TASK REQUIREMENTS
From the data that follows, copy every line with the string "where".

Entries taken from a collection
(* Let $m\ge n$, $B\in\mathbb R^{n\times m}$ of full row rank, $f,h$ convex and continuously differentiable with Lipschitz gradients, $\mathcal L(u,p)=f(u)-h(p)+(Bu,p)$ with saddle point $(u^*,p^* )$, and $\mathcal I_{\mathcal V},\mathcal I_{\mathcal Q}$ symmetric positive definite. Suppose $f\in\mathcal S^{1,1}_{\mu_{f,\mathcal I_{\mathcal V}},L_{f,\mathcal I_{\mathcal V}}}$ w.r.t. $\mathcal I_{\mathcal V}$ with $0<\mu_{f,\mathcal I_{\mathcal V}}\le L_{f,\mathcal I_{\mathcal V}}<2$. Let $(u_k,p_k)$ be generated from $(u_0,p_0)$ by the inexact IMEX iteration $$u_{k+1/2}=u_k-\mathcal I_{\mathcal V}^{-1}(\nabla f(u_k)+B^\top p_k),\qquad p_{k+1}=p_k-\alpha_k\mathcal I_{\mathcal Q}^{-1}(\nabla h(p_k)-Bu_{k+1/2}),$$ where $u_{k+1}$ is any point satisfying $\|\nabla\tilde f(u_{k+1};u_k,p_{k+1})\|^2_{\mathcal I_{\mathcal V}^{-1}}\le\epsilon_k$ for $k=0,1,2,\dots$, with $\tilde f(u;u_k,p_{k+1})=f(u)+\frac1{2\alpha_k}\|u-u_k+\alpha_k\mathcal I_{\mathcal V}^{-1}B^\top p_{k+1}\|^2_{\mathcal I_{\mathcal V}}$ (gradient in $u$). Then for $0<\alpha_k<\mu_{\mathcal Q}/L_{S,\mathcal Q}^2$ and $\mu_k=\min\{\mu_{\mathcal V}/2,\ \mu_{\mathcal Q}-\alpha_kL_{S,\mathcal Q}^2\}$, $$\mathcal E(u_{k+1},p_{k+1})\le\frac1{1+\alpha_k\mu_k}\mathcal E(u_k,p_k)+\frac{2\alpha_k}{(1+\alpha_k\mu_k)\mu_{\mathcal V}}\epsilon_k.$$ In particular, for $\alpha_k=\mu_{\mathcal Q}/(2L_{S,\mathcal Q}^2)$ for all $k$, $$\mathcal E(u_{n+1},p_{n+1})\le\rho^{n+1}\mathcal E(u_0,p_0)+\frac{\mu_{\mathcal Q}}{\mu_{\mathcal V}L_{S,\mathcal Q}^2}\sum_{k=0}^n\rho^{n-k+1}\epsilon_k,$$ where $\mu=\min\{\mu_{\mathcal V},\mu_{\mathcal Q}\}$ and $\rho=1/(1+\mu_{\mathcal Q}\mu/(4L_{S,\mathcal Q}^2))\in(0,1)$.
   Context: For SPD $M$, $\|x\|_M=(Mx,x)^{1/2}$; $D_g(y,x)=g(y)-g(x)-(\nabla g(x),y-x)$; $g\in\mathcal S^{1,1}_{\mu_{g,M},L_{g,M}}$ w.r.t. $M$ means $\frac{\mu_{g,M}}2\|x-y\|_M^2\le D_g(y,x)\le\frac{L_{g,M}}2\|x-y\|_M^2$ for all $x,y$. A saddle point satisfies $\nabla f(u^* )+B^\top p^*=0$, $Bu^*=\nabla h(p^* )$. Define $e(u)=u-\mathcal I_{\mathcal V}^{-1}\nabla f(u)$, $h_B(p)=h(p)+\frac12(B\mathcal I_{\mathcal V}^{-1}B^\top p,p)$, $\mathcal E(u,p)=\frac12\|u-u^*\|^2_{\mathcal I_{\mathcal V}}+\frac12\|p-p^*\|^2_{\mathcal I_{\mathcal Q}}$. Let $L_{e,\mathcal I_{\mathcal V}}$ be the Lipschitz constant of $e$ in $\|\cdot\|_{\mathcal I_{\mathcal V}}$, $\mu_{h_B,\mathcal I_{\mathcal Q}},L_{h_B,\mathcal I_{\mathcal Q}}$ the convexity and smoothness constants of $h_B$ w.r.t. $\mathcal I_{\mathcal Q}$, $L_S^2=\lambda_{\max}(\mathcal I_{\mathcal Q}^{-1}B\mathcal I_{\mathcal V}^{-1}B^\top)$. Constants: $\mu_{\mathcal V}=\mu_{f,\mathcal I_{\mathcal V}}$, $\mu_{\mathcal Q}=(2-L_{f,\mathcal I_{\mathcal V}})\mu_{h_B,\mathcal I_{\mathcal Q}}$, $L_{S,\mathcal Q}^2=L_{h_B,\mathcal I_{\mathcal Q}}^2+L_{e,\mathcal I_{\mathcal V}}^2L_S^2$. *)

From HB Require Import structures.
From mathcomp Require Import all_boot all_order all_algebra.
From mathcomp Require Import all_classical all_reals all_analysis.
Set Implicit Arguments. Unset Strict Implicit. Unset Printing Implicit Defensive.
Import Order.TTheory GRing.Theory Num.Theory.
Import numFieldNormedType.Exports.
Local Open Scope ring_scope.

Section Defs.
Variable R : realType.

Definition dotv {k : nat} (x y : 'cV[R]_k) : R := (x^T *m y) 0 0.

Definition mnorm2 {k : nat} (M : 'M[R]_k) (x : 'cV[R]_k) : R := dotv (M *m x) x.

Definition spd {k : nat} (M : 'M[R]_k) : Prop :=
  M^T = M /\ forall x : 'cV[R]_k, x != 0 -> 0 < mnorm2 M x.

Definition is_gradient {k : nat} (f : 'cV[R]_k -> R) (df : 'cV[R]_k -> 'cV[R]_k) : Prop :=
  forall x v : 'cV[R]_k, is_derive x v f (dotv (df x) v).

Definition convex_fun {k : nat} (f : 'cV[R]_k -> R) : Prop :=
  forall (x y : 'cV[R]_k) (t : R), 0 <= t <= 1 ->
    f (t *: x + (1 - t) *: y) <= t * f x + (1 - t) * f y.

Definition lipschitz_map {k : nat} (g : 'cV[R]_k -> 'cV[R]_k) : Prop :=
  exists L : R, 0 <= L /\ forall x y : 'cV[R]_k,
    dotv (g x - g y) (g x - g y) <= L ^+ 2 * dotv (x - y) (x - y).

Definition bregman {k : nat} (g : 'cV[R]_k -> R) (dg : 'cV[R]_k -> 'cV[R]_k)
  (y x : 'cV[R]_k) : R := g y - g x - dotv (dg x) (y - x).

Definition in_S11 {k : nat} (g : 'cV[R]_k -> R) (dg : 'cV[R]_k -> 'cV[R]_k)
  (M : 'M[R]_k) (mu L : R) : Prop :=
  forall x y : 'cV[R]_k,
    mu / 2 * mnorm2 M (x - y) <= bregman g dg y x <= L / 2 * mnorm2 M (x - y).

Definition lagr {m n : nat} (f : 'cV[R]_m -> R) (h : 'cV[R]_n -> R)
  (B : 'M[R]_(n, m)) (u : 'cV[R]_m) (p : 'cV[R]_n) : R :=
  f u - h p + dotv (B *m u) p.

Definition saddle_point {m n : nat} (f : 'cV[R]_m -> R) (h : 'cV[R]_n -> R)
  (B : 'M[R]_(n, m)) (us : 'cV[R]_m) (ps : 'cV[R]_n) : Prop :=
  forall (u : 'cV[R]_m) (p : 'cV[R]_n),
    lagr f h B us p <= lagr f h B us ps /\ lagr f h B us ps <= lagr f h B u ps.

Definition emap {m : nat} (IV : 'M[R]_m) (df : 'cV[R]_m -> 'cV[R]_m) (u : 'cV[R]_m)
  : 'cV[R]_m := u - invmx IV *m df u.

Definition hB {m n : nat} (h : 'cV[R]_n -> R) (B : 'M[R]_(n, m)) (IV : 'M[R]_m)
  (p : 'cV[R]_n) : R := h p + 2^-1 * dotv (B *m invmx IV *m B^T *m p) p.
Definition dhB {m n : nat} (dh : 'cV[R]_n -> 'cV[R]_n) (B : 'M[R]_(n, m)) (IV : 'M[R]_m)
  (p : 'cV[R]_n) : 'cV[R]_n := dh p + B *m invmx IV *m B^T *m p.

Definition energy {m n : nat} (IV : 'M[R]_m) (IQ : 'M[R]_n)
  (us : 'cV[R]_m) (ps : 'cV[R]_n) (u : 'cV[R]_m) (p : 'cV[R]_n) : R :=
  2^-1 * mnorm2 IV (u - us) + 2^-1 * mnorm2 IQ (p - ps).

Definition u_half {m n : nat} (IV : 'M[R]_m) (B : 'M[R]_(n, m))
  (df : 'cV[R]_m -> 'cV[R]_m) (uk : 'cV[R]_m) (pk : 'cV[R]_n) : 'cV[R]_m :=
  uk - invmx IV *m (df uk + B^T *m pk).

Definition p_next {m n : nat} (IV : 'M[R]_m) (IQ : 'M[R]_n) (B : 'M[R]_(n, m))
  (df : 'cV[R]_m -> 'cV[R]_m) (dh : 'cV[R]_n -> 'cV[R]_n) (alpha : R)
  (uk : 'cV[R]_m) (pk : 'cV[R]_n) : 'cV[R]_n :=
  pk - alpha *: (invmx IQ *m (dh pk - B *m u_half IV B df uk pk)).

(* ftilde(u; u_k, p_{k+1}) = f(u) + 1/(2 alpha) ||u - u_k + alpha I_V^{-1} B^T p_{k+1}||^2_{I_V}
   and its gradient in u (I_V symmetric) *)
Definition ftilde {m n : nat} (IV : 'M[R]_m) (B : 'M[R]_(n, m)) (f : 'cV[R]_m -> R)
  (alpha : R) (uk : 'cV[R]_m) (pk1 : 'cV[R]_n) (u : 'cV[R]_m) : R :=
  f u + (2 * alpha)^-1 * mnorm2 IV (u - uk + alpha *: (invmx IV *m (B^T *m pk1))).
Definition grad_ftilde {m n : nat} (IV : 'M[R]_m) (B : 'M[R]_(n, m))
  (df : 'cV[R]_m -> 'cV[R]_m) (alpha : R) (uk : 'cV[R]_m) (pk1 : 'cV[R]_n)
  (u : 'cV[R]_m) : 'cV[R]_m :=
  df u + alpha^-1 *: (IV *m (u - uk + alpha *: (invmx IV *m (B^T *m pk1)))).

End Defs.

From HB Require Import structures.
From mathcomp Require Import all_boot all_order all_algebra.
From mathcomp Require Import all_classical all_reals all_analysis.
From mathcomp Require Import ring lra.
Import Order.TTheory GRing.Theory Num.Theory.
Import numFieldNormedType.Exports.
Set Implicit Arguments. Unset Strict Implicit. Unset Printing Implicit Defensive.
Local Open Scope classical_set_scope.
Local Open Scope ring_scope.

(* With the errors [u_{k+1} - us] and [p_{k+1} - ps], the two half-steps
   read as error equations
     I_V (u_{k+1} - u_k) = a (grad ftilde - (df u_{k+1} - df us) - B^T (p_{k+1} - ps)),
     I_Q (p_{k+1} - p_k) = a (mismatch - (dh_B p_{k+1} - dh_B ps) + B (e u_{k+1} - e us)),
   where [mismatch] collects the explicit-versus-implicit differences and is
   bounded by [L_{S,Q}^2] times the squared step length.  The three-point
   identity turns the decrease of the Lyapunov function into inner products of
   these right-hand sides with the errors, which are controlled by strong
   monotonicity and co-coercivity of [df] and [dh_B], by
   [||B w||_{I_Q^-1} <= L_S ||w||_{I_V}] (a Rayleigh-quotient argument) and by
   Young's inequality.  This yields
   [(1 + a mu_k) E(u_{k+1}, p_{k+1}) <= E(u_k, p_k) + (2 a / mu_V) eps_k];
   for the constant step the recursion is unrolled. *)

Section InnerProduct.
Variables (R : realType) (k : nat).
Implicit Types (x y z : 'cV[R]_k) (M : 'M[R]_k).

Lemma dotvE x y : dotv x y = \sum_i x i 0 * y i 0.
Proof. by rewrite /dotv !mxE; apply: eq_bigr => i _; rewrite !mxE. Qed.

Lemma dotvC x y : dotv x y = dotv y x.
Proof. by rewrite !dotvE; apply: eq_bigr => i _; rewrite mulrC. Qed.

Lemma dotvDl x y z : dotv (x + y) z = dotv x z + dotv y z.
Proof. by rewrite !dotvE -big_split; apply: eq_bigr => i _; rewrite !mxE mulrDl. Qed.

Lemma dotvDr x y z : dotv z (x + y) = dotv z x + dotv z y.
Proof. by rewrite ![dotv z _]dotvC dotvDl. Qed.

Lemma dotvZl a x y : dotv (a *: x) y = a * dotv x y.
Proof. by rewrite !dotvE mulr_sumr; apply: eq_bigr => i _; rewrite !mxE mulrA. Qed.

Lemma dotvZr a x y : dotv y (a *: x) = a * dotv y x.
Proof. by rewrite ![dotv y _]dotvC dotvZl. Qed.

Lemma dotvNl x y : dotv (- x) y = - dotv x y.
Proof. by rewrite -scaleN1r dotvZl mulN1r. Qed.

Lemma dotvNr x y : dotv y (- x) = - dotv y x.
Proof. by rewrite ![dotv y _]dotvC dotvNl. Qed.

Lemma dotvBl x y z : dotv (x - y) z = dotv x z - dotv y z.
Proof. by rewrite dotvDl dotvNl. Qed.

Lemma dotvBr x y z : dotv z (x - y) = dotv z x - dotv z y.
Proof. by rewrite dotvDr dotvNr. Qed.

Lemma dotv0r x : dotv x 0 = 0.
Proof. by rewrite -(scale0r 0) dotvZr mul0r. Qed.

Lemma dotv0l x : dotv 0 x = 0.
Proof. by rewrite dotvC dotv0r. Qed.

Lemma dotvv_ge0 x : 0 <= dotv x x.
Proof. by rewrite dotvE; apply: sumr_ge0 => i _; rewrite -expr2 sqr_ge0. Qed.

Lemma dotvv_eq0 x : dotv x x = 0 -> x = 0.
Proof.
rewrite dotvE => /eqP; rewrite psumr_eq0 => [/allP x0|i _]; last first.
  by rewrite -expr2 sqr_ge0.
apply/matrixP => i j; rewrite (ord1 j) mxE; apply/eqP.
by rewrite -sqrf_eq0 expr2; apply: (implyP (x0 i _)); rewrite ?mem_index_enum.
Qed.

Lemma dotv_ge0_eq0 x : (forall y, 0 <= dotv x y) -> x = 0.
Proof.
move=> x_ge0; apply: dotvv_eq0; have := x_ge0 (- x); rewrite dotvNr.
by have := dotvv_ge0 x; lra.
Qed.

End InnerProduct.

Lemma dotv_mulmx (R : realType) p q (A : 'M[R]_(p, q)) x y :
  dotv (A *m x) y = dotv x (A^T *m y).
Proof. by rewrite /dotv trmx_mul mulmxA. Qed.

Lemma dotv_sym (R : realType) k (M : 'M[R]_k) x y :
  M^T = M -> dotv (M *m x) y = dotv (M *m y) x.
Proof. by move=> sM; rewrite dotv_mulmx sM dotvC. Qed.

Section WeightedNorm.
Variables (R : realType) (k : nat) (M : 'M[R]_k).
Implicit Types (x y : 'cV[R]_k).

Lemma mnorm2_0 : mnorm2 M 0 = 0.
Proof. by rewrite /mnorm2 dotv0r. Qed.

Lemma mnorm2N x : mnorm2 M (- x) = mnorm2 M x.
Proof. by rewrite /mnorm2 mulmxN dotvNl dotvNr opprK. Qed.

Lemma mnorm2Z a x : mnorm2 M (a *: x) = a ^+ 2 * mnorm2 M x.
Proof. by rewrite /mnorm2 -scalemxAr dotvZl dotvZr mulrA expr2. Qed.

Lemma mnorm2_subM (N : 'M[R]_k) a x :
  mnorm2 (M - a *: N) x = mnorm2 M x - a * mnorm2 N x.
Proof. by rewrite /mnorm2 mulmxBl -scalemxAl dotvBl dotvZl. Qed.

ANSWER TO THE EXERCISE
(* Let $m\ge n$, $B\in\mathbb R^{n\times m}$ of full row rank, $f,h$ convex and continuously differentiable with Lipschitz gradients, $\mathcal L(u,p)=f(u)-h(p)+(Bu,p)$ with saddle point $(u^*,p^* )$, and $\mathcal I_{\mathcal V},\mathcal I_{\mathcal Q}$ symmetric positive definite. Suppose $f\in\mathcal S^{1,1}_{\mu_{f,\mathcal I_{\mathcal V}},L_{f,\mathcal I_{\mathcal V}}}$ w.r.t. $\mathcal I_{\mathcal V}$ with $0<\mu_{f,\mathcal I_{\mathcal V}}\le L_{f,\mathcal I_{\mathcal V}}<2$. Let $(u_k,p_k)$ be generated from $(u_0,p_0)$ by the inexact IMEX iteration $$u_{k+1/2}=u_k-\mathcal I_{\mathcal V}^{-1}(\nabla f(u_k)+B^\top p_k),\qquad p_{k+1}=p_k-\alpha_k\mathcal I_{\mathcal Q}^{-1}(\nabla h(p_k)-Bu_{k+1/2}),$$ where $u_{k+1}$ is any point satisfying $\|\nabla\tilde f(u_{k+1};u_k,p_{k+1})\|^2_{\mathcal I_{\mathcal V}^{-1}}\le\epsilon_k$ for $k=0,1,2,\dots$, with $\tilde f(u;u_k,p_{k+1})=f(u)+\frac1{2\alpha_k}\|u-u_k+\alpha_k\mathcal I_{\mathcal V}^{-1}B^\top p_{k+1}\|^2_{\mathcal I_{\mathcal V}}$ (gradient in $u$). Then for $0<\alpha_k<\mu_{\mathcal Q}/L_{S,\mathcal Q}^2$ and $\mu_k=\min\{\mu_{\mathcal V}/2,\ \mu_{\mathcal Q}-\alpha_kL_{S,\mathcal Q}^2\}$, $$\mathcal E(u_{k+1},p_{k+1})\le\frac1{1+\alpha_k\mu_k}\mathcal E(u_k,p_k)+\frac{2\alpha_k}{(1+\alpha_k\mu_k)\mu_{\mathcal V}}\epsilon_k.$$ In particular, for $\alpha_k=\mu_{\mathcal Q}/(2L_{S,\mathcal Q}^2)$ for all $k$, $$\mathcal E(u_{n+1},p_{n+1})\le\rho^{n+1}\mathcal E(u_0,p_0)+\frac{\mu_{\mathcal Q}}{\mu_{\mathcal V}L_{S,\mathcal Q}^2}\sum_{k=0}^n\rho^{n-k+1}\epsilon_k,$$ where $\mu=\min\{\mu_{\mathcal V},\mu_{\mathcal Q}\}$ and $\rho=1/(1+\mu_{\mathcal Q}\mu/(4L_{S,\mathcal Q}^2))\in(0,1)$.
   where [mismatch] collects the explicit-versus-implicit differences and is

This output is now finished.